I am the person doing the work being discussed.  I think that there are two things of note in the (maybe not too well written) article.  The first is that you can get rid of the headers-and-message-viewer arrangement of most (all?) email programs.  This is probably a good thing because it can turn a lot of clicking on headers into a continuous view.  It's not exactly rocket science or novel - see the thread visualizations in www.dotnet247.com (e.g. http://www.dotnet247.com/247reference/msgs/34/170488.aspx) or www.lugnet.com (e.g. http://news.lugnet.com/cad/dat/parts/?n=4988&t=i&v=a).
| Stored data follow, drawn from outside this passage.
Lemma exists_slow_subdivision_graph m P (A : Algo)
    (adv : {ffun 'I_m -> 'I_m * 'I_m} -> seq bool) (v : 'I_(3 * m)) :
  2 <= m -> v < 2 * m ->
  (forall s : {ffun 'I_m -> 'I_m * 'I_m}, injective s -> size (adv s) * 2 <= m * P) ->
  exists2 s : {ffun 'I_m -> 'I_m * 'I_m}, injective s &
    forall k, explores_in (subdiv_graph s) A (adv s) v k -> m * m < k * (8 * 2 ^ P).
Proof.
move=> m_ge2 v_lt adv_small; set B := m * m %/ (8 * 2 ^ P).
suff [s s_inj slow] : exists2 s : {ffun 'I_m -> 'I_m * 'I_m}, injective s &
    forall k, explores_in (subdiv_graph s) A (adv s) v k -> B < k.
  by exists s => // k /slow; rewrite ltn_divLR // muln_gt0 expn_gt0.
have [B0|B_gt0] := posnP B.
  exists [ffun j => (j, j)] => [j j' | k]; first by rewrite !ffunE => -[].
  have znode_neq_v : znode (Ordinal (ltnW m_ge2)) != v by rewrite -val_eqE /=; lia.
  by rewrite B0; apply: explores_in_gt0 znode_neq_v.
have [||s s_inj not_within] := @exists_slow_subdivision m A adv v (m * P %/ 2) B v_lt.
- by move=> s s_inj; rewrite leq_divRL // adv_small.
- by apply: (@injections_outnumber_codes m P) => //; apply: leq_divM.
- by exists s => // k explG; rewrite ltnNge; apply/negP => le_kB; apply: not_within; exists k.
Qed.

Local Open Scope ring_scope.

Theorem mainTheorem8 (phi : nat -> nat) (f : Oracle)
  (hf : forall eps : rat, 0 < eps -> exists N : nat, forall n : nat, (N <= n)%N ->
          forall (G : PGraph n) (v : 'I_n), is_pgraph G ->
            (size (f n G v))%:R <= eps * (n * phi n)%N%:R)
  (A : Algo) :
  exists2 c : rat, 0 < c &
    forall N : nat, exists n : nat, (N <= n)%N /\
      exists (G : PGraph n) (v : 'I_n), is_pgraph G /\
        forall k : nat, explores_in G A (f n G v) v k ->
          c * (n ^ 2)%N%:R <= (k * 2 ^ phi n)%N%:R.
Proof.
have [N0 short_advice] := hf 6%:R^-1 ltac:(by rewrite invr_gt0 ltr0n).
exists 72%:R^-1; first by rewrite invr_gt0 ltr0n.
move=> N; pose m := maxn (maxn N N0) 2; pose P := phi (3 * m)%N.
have m_ge2 : (2 <= m)%N by rewrite /m; lia.
pose v := lnode (Ordinal (ltnW m_ge2)).
have v_lt : (v < 2 * m)%N by rewrite /=; lia.
have [|s s_inj slow] := @exists_slow_subdivision_graph m P A
  (fun s => f (3 * m)%N (subdiv_graph s) v) v m_ge2 v_lt.
  move=> s s_inj; have := short_advice _ _ (subdiv_graph s) v (subdiv_graph_pgraph s_inj).
  rewrite mulrC ler_pdivlMr ?ltr0n // -natrM ler_nat.
  by move=> /(_ ltac:(rewrite /m; lia)); rewrite /P; lia.
exists (3 * m)%N; split; first by rewrite /m; lia.
exists (subdiv_graph s), v; split; first exact: subdiv_graph_pgraph.
move=> k /slow lt_mm; rewrite mulrC ler_pdivrMr; last by rewrite ltr0n.
by rewrite -!natrM ler_nat expnMn -/P -mulnn; lia.
Qed.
True that the article I posted was an internal “puff” piece meant to let people know what’s going on inside Microsoft Research.  It’s fair to say that the author of the piece is not a researcher in this field, and one can’t take an article like this written for a broad audience as a valid abstract of some fairly complex research.  

Her first point is one I agree with.  The whole master-detail/headers-message paradigm goes against productive viewing of threaded discussion.  While many sites, like those she mentioned, and many apps (SharpReader being the most notable, IMHO) push the envelope for threading while still maintaining the headers-message multi-paned approach, the concept isn’t exactly splitting-atoms-hard.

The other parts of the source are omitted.